Stored data entries:
================================
(* Let $W=x_1^{a_1}+\dots+x_N^{a_N}$ with all $a_i\ge3$, and let $X$ be a correlator of type $X_{-1}$ (in the A- or B-model). Then there is a unique $j\in\{1,\dots,N\}$ such that $K_j=1$ and $\ell_j\ge2$, while $K_i=\ell_i=0$ for all $i\ne j$. Furthermore $X=\langle x_j,x_j,x_j^{a_j-2}\alpha,x_j^{a_j-2}\beta\rangle$ for some monomials $\alpha,\beta$ not involving $x_j$.
   Context: A genus-zero correlator (Saito–Givental B-model of $W^T$, or FJRW A-model of $(W,G_W)$ with insertions mapped by Krawitz's isomorphism $\Psi$) is of type $X_{-1}$ if it has at least four insertions and has the form $\langle x_N,\dots,x_N,\dots,x_1,\dots,x_1,\alpha,\beta\rangle$ with $x_i$ appearing $\ell_i\ge0$ times and $\alpha=\prod x_i^{m_i},\beta=\prod x_i^{n_i}$ monomials in the standard basis of $\mathrm{Jac}(W^T)$, and if, setting $b=E_W^{-1}(\ell+m+n+2\cdot\mathbf 1)$ and $K_i=\ell_i-b_i+1$, one has $K_i\in\mathbb Z$ for all $i$ and $\sum_iK_i=1$. For the Fermat sum $W=W^T$, the standard basis consists of $\prod x_i^{r_i}$ with $0\le r_i\le a_i-2$, and $b_i=(\ell_i+m_i+n_i+2)/a_i$. *)

From HB Require Import structures.
From mathcomp Require Import all_boot all_order all_algebra.
Set Implicit Arguments. Unset Strict Implicit. Unset Printing Implicit Defensive.
Import Order.TTheory GRing.Theory Num.Theory.
Local Open Scope ring_scope.

(* Fermat sum W = x_1^{a_1} + ... + x_N^{a_N}, indices 'I_N, exponents a : 'I_N -> nat.
   A monomial prod_i x_i^{r_i} is its exponent vector r : 'I_N -> nat.
   It lies in the standard basis of Jac(W^T) = Jac(W) iff 0 <= r_i <= a_i - 2. *)
Definition in_std_basis (N : nat) (a : 'I_N -> nat) (r : 'I_N -> nat) : Prop :=
  forall i, (r i <= a i - 2)%N.

(* A genus-zero correlator <x_N,..,x_N,...,x_1,..,x_1, alpha, beta>,
   with x_i appearing l_i times, alpha = prod x_i^{m_i}, beta = prod x_i^{n_i},
   is encoded by the triple (l, m, n). *)
Record correlator (N : nat) := Correlator {
  ell : 'I_N -> nat;
  alpha : 'I_N -> nat;
  beta : 'I_N -> nat }.

(* b_i = (l_i + m_i + n_i + 2) / a_i   (E_W is diagonal with entries a_i for Fermat W) *)
Definition bcoef (N : nat) (a : 'I_N -> nat) (X : correlator N) (i : 'I_N) : rat :=
  (ell X i + alpha X i + beta X i + 2)%:R / (a i)%:R.

Definition Kcoef (N : nat) (a : 'I_N -> nat) (X : correlator N) (i : 'I_N) : rat :=
  (ell X i)%:R - bcoef a X i + 1.

Definition n_insertions (N : nat) (X : correlator N) : nat :=
  (\sum_(i < N) ell X i + 2)%N.

Definition type_Xm1 (N : nat) (a : 'I_N -> nat) (X : correlator N) : Prop :=
  [/\ (4 <= n_insertions X)%N,
      in_std_basis a (alpha X),
      in_std_basis a (beta X),
      (forall i, Kcoef a X i \is a Num.int) &
      \sum_(i < N) Kcoef a X i = 1].

From HB Require Import structures.
From mathcomp Require Import all_boot all_order all_algebra zify ring.
Import Order.TTheory GRing.Theory Num.Theory.

Set Implicit Arguments.
Unset Strict Implicit.
Unset Printing Implicit Defensive.

Local Open Scope ring_scope.

(* For the Fermat sum, [a_i K_i = l_i (a_i - 1) + (a_i - 2) - m_i - n_i], and
   [0 <= m_i, n_i <= a_i - 2] confines this to
   [[l_i (a_i - 1) - (a_i - 2), l_i (a_i - 1) + (a_i - 2)]].  Hence an integral
   [K_i] is nonnegative, [K_i = 0] forces [l_i = 0], and [K_i = 1] forces
   [l_i <= 2], with [l_i = 2] only when [m_i = n_i = a_i - 2].  As the [K_i] sum
   to 1, exactly one of them, [K_j], equals 1 and the others vanish; the bound
   of at least four insertions then gives [l_j = 2]. *)

Lemma sum_nat_num_eq1 (R : archiNumDomainType) (I : finType) (F : I -> R) :
  (forall i, F i \is a Num.nat) -> \sum_i F i = 1 ->
  exists2 j, F j = 1 & forall i, i != j -> F i = 0.
Proof.
move=> FN sumF1.
have [j Fj_neq0 | F0] := pickP [pred i | F i != 0]; last first.
  by move: sumF1; rewrite big1 => [/eqP|i _]; [rewrite eq_sym oner_eq0 | apply/eqP/negbFE/F0].
have Fj_ge1 : 1 <= F j by rewrite -(norm_natr (FN j)) norm_intr_ge1 ?intr_nat.
have rest_ge0 : 0 <= \sum_(i | i != j) F i by apply: sumr_ge0 => i _; apply: natr_ge0.
move: sumF1; rewrite (bigD1 j) //= => sumF1.
have Fj1 : F j = 1.
  by apply/le_anti; rewrite Fj_ge1 andbT -sumF1 lerDl.
exists j => // i ij; move: sumF1; rewrite Fj1 -[RHS]addr0 => /addrI /psumr_eq0P.
by apply=> // k _; apply: natr_ge0.
Qed.

(* [Kcoef a X i] is, by conversion, [fermat_K (a i) (ell X i) (alpha X i) (beta X i)]. *)
Definition fermat_K (a l m n : nat) : rat := l%:R - (l + m + n + 2)%:R / a%:R + 1.

Lemma fermat_K_intE {a l m n : nat} {k : int} : (0 < a)%N ->
  fermat_K a l m n = k%:~R -> k * a%:Z + (l + m + n + 2)%:Z = (l * a + a)%:Z.
Proof.
move=> a_gt0 Kk; apply: (@intr_inj rat).
have a_neq0 : (a%:R : rat) != 0 by rewrite pnatr_eq0 -lt0n.
rewrite rmorphD rmorphM /= -!pmulrn -Kk /fermat_K !natrD !natrM.
by field.
Qed.

Section FermatSummand.
Variables (a l m n : nat).
Hypotheses (a_ge3 : (3 <= a)%N) (m_le : (m <= a - 2)%N) (n_le : (n <= a - 2)%N).

Let a_gt0 : (0 < a)%N. Proof. by apply: leq_trans a_ge3. Qed.

Lemma fermat_K_nat : fermat_K a l m n \is a Num.int -> fermat_K a l m n \is a Num.nat.
Proof.
move=> /intrP [k Kk]; have := fermat_K_intE a_gt0 Kk => Ka.
by rewrite Kk natrEint intr_int ler0z /=; nia.
Qed.

Lemma fermat_K_eq0 : fermat_K a l m n = 0 -> l = 0%N.
Proof. by move=> /(fermat_K_intE (k := 0) a_gt0); nia. Qed.

Lemma fermat_K_eq1_ell_le2 : fermat_K a l m n = 1 -> (l <= 2)%N.
Proof. by move=> /(fermat_K_intE (k := 1) a_gt0); nia. Qed.

Lemma fermat_K_eq1_ell2 : fermat_K a l m n = 1 -> l = 2%N -> m = (a - 2)%N /\ n = (a - 2)%N.
Proof. by move=> /(fermat_K_intE (k := 1) a_gt0); nia. Qed.

End FermatSummand.

Theorem lemma4p6 (N : nat) (a : 'I_N -> nat) (X : correlator N) :
  (forall i, (3 <= a i)%N) ->
  type_Xm1 a X ->
  exists j : 'I_N,
    [/\ [/\ Kcoef a X j = 1, (2 <= ell X j)%N &
            forall i, i != j -> Kcoef a X i = 0 /\ ell X i = 0%N],
        (forall j' : 'I_N,
           [/\ Kcoef a X j' = 1, (2 <= ell X j')%N &
               forall i, i != j' -> Kcoef a X i = 0 /\ ell X i = 0%N] -> j' = j) &
        exists alpha' beta' : 'I_N -> nat,
          [/\ alpha' j = 0%N, beta' j = 0%N,
              forall i, ell X i = (if i == j then 2 else 0)%N,
              forall i, alpha X i = (if i == j then a j - 2 else alpha' i)%N &
              forall i, beta X i = (if i == j then a j - 2 else beta' i)%N]].
Proof.
move=> a_ge3 [insertions_ge4 stdA stdB Kint sumK1].
have Knat i : Kcoef a X i \is a Num.nat.
  exact: fermat_K_nat (a_ge3 i) (stdA i) (stdB i) (Kint i).
have [j Kj1 Kj0] := sum_nat_num_eq1 Knat sumK1.
have ell0 i : i != j -> ell X i = 0%N.
  by move/Kj0; apply: fermat_K_eq0 (a_ge3 i) (stdA i) (stdB i).
have ellj2 : ell X j = 2%N.
  have : n_insertions X = (ell X j + 2)%N.
    by rewrite /n_insertions (bigD1 j) //= big1 ?addn0 // => i /ell0.
  by have := fermat_K_eq1_ell_le2 (a_ge3 j) (stdA j) (stdB j) Kj1; lia.
have [alphaj betaj] := fermat_K_eq1_ell2 (a_ge3 j) (stdA j) (stdB j) Kj1 ellj2.
exists j; split.
- by rewrite ellj2; split=> // i ij; split; [apply: Kj0 | apply: ell0].
- move=> j' [_ _ Kj'0]; apply/eqP; apply: contraT => j'j.
  by have [] := Kj'0 j; rewrite 1?eq_sym // Kj1 => /eqP; rewrite oner_eq0.
- exists (fun i => if i == j then 0%N else alpha X i).
  exists (fun i => if i == j then 0%N else beta X i).
  by split; rewrite ?eqxx // => i; case: eqVneq => [->|/ell0].
Qed.
Lemma hnormD_sqr x y : hn (x + y) ^+ 2 = hn x ^+ 2 + hn y ^+ 2 + 2 * Re (ip x y).
Proof. by rewrite !hnorm_sqr ipDl !ipDr !ReD (ip_sym x y) ReJ; ring. Qed.

Lemma hnormB_sqr x y : hn (x - y) ^+ 2 = hn x ^+ 2 + hn y ^+ 2 - 2 * Re (ip x y).
Proof. by rewrite !hnorm_sqr ipBl !ipBr !ReB (ip_sym x y) ReJ; ring. Qed.

Lemma hnorm_gt0 x : x != 0 -> 0 < hn x.
Proof. by move=> x0; rewrite lt_def hnorm_ge0 andbT; apply: contra_neq x0 => /hnorm_eq0. Qed.

Lemma Re_ip_le x y : Re (ip x y) <= hn x * hn y.
Proof.
have [->|/hnorm_gt0 xpos] := eqVneq x 0; first by rewrite ip0l hnorm0 mul0r.
have [->|/hnorm_gt0 ypos] := eqVneq y 0; first by rewrite ip0r hnorm0 mulr0.
(* Cauchy-Schwarz, from [0 <= |(hn y) x - (hn x) y|^2]. *)
have := sqr_ge0 (hn ((hn y)%:C *: x - (hn x)%:C *: y)).
rewrite hnormB_sqr !hnormZr ipZl ipZr conjc_real !ger0_norm ?hnorm_ge0 //.
have -> : Re ((hn y)%:C * ((hn x)%:C * ip x y)) = hn y * hn x * Re (ip x y).
  by case: (ip x y) => p q /=; ring.
have := mulr_gt0 xpos ypos; nra.
Qed.

Lemma norm_Re_ip_le x y : `|Re (ip x y)| <= hn x * hn y.
Proof.
rewrite ler_norml Re_ip_le andbT lerNl.
by have := Re_ip_le x (- y); rewrite ipNr hnormN; case: (ip x y).
Qed.

Lemma norm_Im_ip_le x y : `|Im (ip x y)| <= hn x * hn y.
Proof.
have := norm_Re_ip_le x ('i *: y); rewrite hnormZi ipZr.
by case: (ip x y) => p q /=; rewrite mul0r mulN1r opprK add0r.
Qed.

Lemma hnormD x y : hn (x + y) <= hn x + hn y.
Proof.
rewrite -ler_sqr ?nnegrE ?addr_ge0 ?hnorm_ge0 // hnormD_sqr.
have := Re_ip_le x y; nra.
Qed.

Lemma hdistC x y : hn (x - y) = hn (y - x).
Proof. by rewrite -hnormN opprB. Qed.

Lemma ler_hdistD x y z : hn (x - z) <= hn (x - y) + hn (y - z).
Proof. by have := hnormD (x - y) (y - z); rewrite addrA subrK. Qed.

Lemma hnorm_lt_sqr x e : 0 < e -> hn x ^+ 2 < e ^+ 2 -> hn x < e.
Proof. by move=> e0; rewrite ltr_sqr ?nnegrE ?hnorm_ge0 ?ltW. Qed.

Definition hcvg_to (u : nat -> H) (l : H) : Prop :=
  forall e : R, 0 < e -> exists N : nat, forall n, (N <= n)%N -> hn (u n - l) < e.

Definition hlim (u : nat -> H) : H := epsilon (inhabits 0) (hcvg_to u).

Lemma hcvg_unique u a b : hcvg_to u a -> hcvg_to u b -> a = b.
Proof.
move=> ua ub; apply/eqP; rewrite -subr_eq0; apply/eqP/hnorm_eq0/eqP.
rewrite eq_le hnorm_ge0 andbT; apply/ler_addgt0Pr => e e0; rewrite add0r.
have e2 : 0 < e / 2 by rewrite divr_gt0.
have [N1 uN1] := ua _ e2; have [N2 uN2] := ub _ e2.
have := uN1 _ (leq_maxl N1 N2); have := uN2 _ (leq_maxr N1 N2).
have := ler_hdistD a (u (maxn N1 N2)) b; rewrite (hdistC a (u _)); lra.
Qed.
(* Let $X,Y$ be Banach spaces, let $S$ be a subset of $X$ (with the metric induced by the norm), let $K\ge0$, and let $f:S\to Y$ be a coarse quotient map with constant $K$ that is coarse Lipschitz. Then for all $0<t\le1$, $$\bar{\beta}_X\left(\frac{t}{48\,{\rm Lip}_\infty(f)\,c_\infty(f)}\right)\le\frac{3}{2}\bar{\rho}_Y(t).$$
   Context: All Banach spaces are real and infinite-dimensional; $B_X$, $S_X$ are the closed unit ball and unit sphere; $B_Z(z,r)$ is the closed ball of radius $r$ about $z$ in a metric space $Z$; for $A\subseteq Y$, $A^K:=\{y: \|y-a\|\le K\text{ for some }a\in A\}$. $\bar{\rho}_Y(t):=\sup_{y\in S_Y}\inf_{\dim(Y/Z)<\infty}\sup_{z\in S_Z}\|y+tz\|-1$ (infimum over finite-codimensional subspaces). The $(\beta)$-modulus is $\bar{\beta}_X(t)=1-\sup\{\inf_{n\ge1}\|x-x_n\|/2 : x,x_n\in B_X,\ {\rm sep}(\{x_n\})\ge t\}$, where ${\rm sep}(\{x_n\}_{n\ge1}):=\inf_{i\ne j}\|x_i-x_j\|$. For $f:S\to Y$: $\omega_f(t):=\sup\{\|f(x)-f(y)\|: x,y\in S,\ \|x-y\|\le t\}$; $f$ is coarsely continuous if $\omega_f(t)<\infty$ for all $t>0$; $f$ is co-coarsely continuous with constant $K$ if for every $d>K$ there is $\delta(d)>0$ with $f(B_S(x,\delta))^K\supseteq B_Y(f(x),d)$ for all $x\in S$; $f$ is a coarse quotient map with constant $K$ if both hold. ${\rm Lip}_s(f):=\sup\{\|f(x)-f(y)\|/\|x-y\|: \|x-y\|\ge s\}$, ${\rm Lip}_\infty(f):=\inf_{s>0}{\rm Lip}_s(f)$, and $f$ is coarse Lipschitz if ${\rm Lip}_s(f)<\infty$ for some $s>0$. For $d>K$, $c_d$ is the infimum of all $c>0$ such that $f(B_S(x,cr))^K\supseteq B_Y(f(x),r)$ for all $x\in S$ and all $r\ge d$; $c_\infty(f):=\inf_{d>K}c_d=\lim_{d\to\infty}c_d$. *)

From mathcomp Require Import all_boot all_order all_algebra.
From mathcomp Require Import all_classical all_reals all_analysis.
Set Implicit Arguments. Unset Strict Implicit. Unset Printing Implicit Defensive.
Import Order.TTheory GRing.Theory Num.Theory.
Import numFieldNormedType.Exports.
Local Open Scope classical_set_scope.
Local Open Scope ring_scope.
================================
Exercise => Reproduce the lines of the entries above from the one with "alpha : 'I_N -> nat;" to the one with "Lemma sum_nat_num_eq1 (R", both included, exactly and without any other line.

Result of this task =>
  alpha : 'I_N -> nat;
  beta : 'I_N -> nat }.

(* b_i = (l_i + m_i + n_i + 2) / a_i   (E_W is diagonal with entries a_i for Fermat W) *)
Definition bcoef (N : nat) (a : 'I_N -> nat) (X : correlator N) (i : 'I_N) : rat :=
  (ell X i + alpha X i + beta X i + 2)%:R / (a i)%:R.

Definition Kcoef (N : nat) (a : 'I_N -> nat) (X : correlator N) (i : 'I_N) : rat :=
  (ell X i)%:R - bcoef a X i + 1.

Definition n_insertions (N : nat) (X : correlator N) : nat :=
  (\sum_(i < N) ell X i + 2)%N.

Definition type_Xm1 (N : nat) (a : 'I_N -> nat) (X : correlator N) : Prop :=
  [/\ (4 <= n_insertions X)%N,
      in_std_basis a (alpha X),
      in_std_basis a (beta X),
      (forall i, Kcoef a X i \is a Num.int) &
      \sum_(i < N) Kcoef a X i = 1].

From HB Require Import structures.
From mathcomp Require Import all_boot all_order all_algebra zify ring.
Import Order.TTheory GRing.Theory Num.Theory.

Set Implicit Arguments.
Unset Strict Implicit.
Unset Printing Implicit Defensive.

Local Open Scope ring_scope.

(* For the Fermat sum, [a_i K_i = l_i (a_i - 1) + (a_i - 2) - m_i - n_i], and
   [0 <= m_i, n_i <= a_i - 2] confines this to
   [[l_i (a_i - 1) - (a_i - 2), l_i (a_i - 1) + (a_i - 2)]].  Hence an integral
   [K_i] is nonnegative, [K_i = 0] forces [l_i = 0], and [K_i = 1] forces
   [l_i <= 2], with [l_i = 2] only when [m_i = n_i = a_i - 2].  As the [K_i] sum
   to 1, exactly one of them, [K_j], equals 1 and the others vanish; the bound
   of at least four insertions then gives [l_j = 2]. *)

Lemma sum_nat_num_eq1 (R : archiNumDomainType) (I : finType) (F : I -> R) :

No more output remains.